** Extracted data follows **

(* Let $N\ge1$, $i\in\langle N\rangle$ and let $u$ be a word over $\langle N\rangle$ with $|u|\ge2$. Then the antipode of the right Lagrange Hopf algebra $\mathcal R^N$ satisfies \[ S_{\mathcal R}(Y_u^i)=\sum_{T\in\mathbf{RT}_u^i}(-1)^{\mathbf v(T)}\,\Lambda_{\downarrow r}(T). \]
   Context: Let $\langle N\rangle=\{1,\dots,N\}$, $|u|$ the length of a word $u$. The interval partition Hopf algebra $\mathcal H=\mathcal H^N$ is, as an algebra, the free unital associative complex algebra on generators $Y_u^i$ ($i\in\langle N\rangle$, $|u|\ge 2$); set $Y_j^i=\delta_{ij}1$ for letters $i,j$. Its counit $\varepsilon$ is the algebra homomorphism with $\varepsilon(Y_u^i)=0$, and its comultiplication is the algebra homomorphism $\Delta$ with $\Delta(Y_u^i)=\sum_{q=1}^{p}\sum_{(C_1,\dots,C_q)}\sum_{v\in\langle N\rangle^q} Y_{u|C_1}^{v(1)}\cdots Y_{u|C_q}^{v(q)}\otimes Y_v^i$ ($p=|u|$, the middle sum over all partitions of $\{1,\dots,p\}$ into $q$ nonempty consecutive intervals $C_1<\dots<C_q$, $u|C_k$ the subword indexed by $C_k$). It has an antipode $S_{\mathcal H}$. Let $\mathbf t$ be the algebra anti-automorphism of $\mathcal H$ fixing each generator: $\mathbf t(Y_{u_1}^{i_1}\cdots Y_{u_n}^{i_n})=Y_{u_n}^{i_n}\cdots Y_{u_1}^{i_1}$. The right Lagrange Hopf algebra $\mathcal R^N$ is $\mathcal H$ with multiplication $\mathbf t\circ m\circ(\mathbf t\otimes\mathbf t)$, comultiplication $(\mathbf t\otimes\mathbf t)\circ\Delta\circ\mathbf t$, the same unit and counit, and antipode $S_{\mathcal R}=\mathbf t S_{\mathcal H}\mathbf t$. Trees: a colored planar tree is a finite rooted tree with linearly ordered children at each vertex and a color $c(x)\in\langle N\rangle$ at each vertex, up to isomorphism. Leaves have no children; a tree is reduced if every non-leaf vertex has at least two children. $\mathbf{RT}_u^i$: reduced colored planar trees with root colored $i$ and leaves, read left to right, colored $u(1),\dots,u(p)$. For a non-leaf $x$ with children $y_1<\dots<y_k$, $Y(x)=Y^{c(x)}_{c(y_1)\cdots c(y_k)}$. $\mathbf v(T)$ = number of non-leaf vertices. $\Lambda_{\downarrow r}(T)=Y(z_1)\cdots Y(z_r)$ where $z_1,\dots,z_r$ are the non-leaf vertices listed in preorder with children visited from left to right (root first; after a vertex, the subtrees of its children are traversed from the leftmost to the rightmost child). *)

From HB Require Import structures.
From mathcomp Require Import all_boot all_order all_algebra.
From mathcomp Require Import reals.
From mathcomp Require Import complex.
From Stdlib Require List.
Set Implicit Arguments. Unset Strict Implicit. Unset Printing Implicit Defensive.
Import Order.TTheory GRing.Theory Num.Theory.
Local Open Scope ring_scope.

Section IntervalPartitionHopf.
Variable N : nat.
Variable K : comNzRingType.

(** Letters of the alphabet <N> = {1,...,N} are represented by 'I_N
    (i.e. relabelled 0,...,N-1).  Words are sequences of letters. *)
Definition word := seq 'I_N.

Definition gen := {p : 'I_N * word | (1 < size p.2)%N}.

(** Monomials (words in the generators) = basis of the free algebra H. *)
Definition mon := seq gen.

** End of Extracted data **

> _What you will do_:
Starting with the line above that holds "From mathcomp Require Import reals." and stopping with the line that holds "Definition word := seq 'I_N.", reproduce each line exactly, omitting all other lines.

> _Response to the task_:
From mathcomp Require Import reals.
From mathcomp Require Import complex.
From Stdlib Require List.
Set Implicit Arguments. Unset Strict Implicit. Unset Printing Implicit Defensive.
Import Order.TTheory GRing.Theory Num.Theory.
Local Open Scope ring_scope.

Section IntervalPartitionHopf.
Variable N : nat.
Variable K : comNzRingType.

(** Letters of the alphabet <N> = {1,...,N} are represented by 'I_N
    (i.e. relabelled 0,...,N-1).  Words are sequences of letters. *)
Definition word := seq 'I_N.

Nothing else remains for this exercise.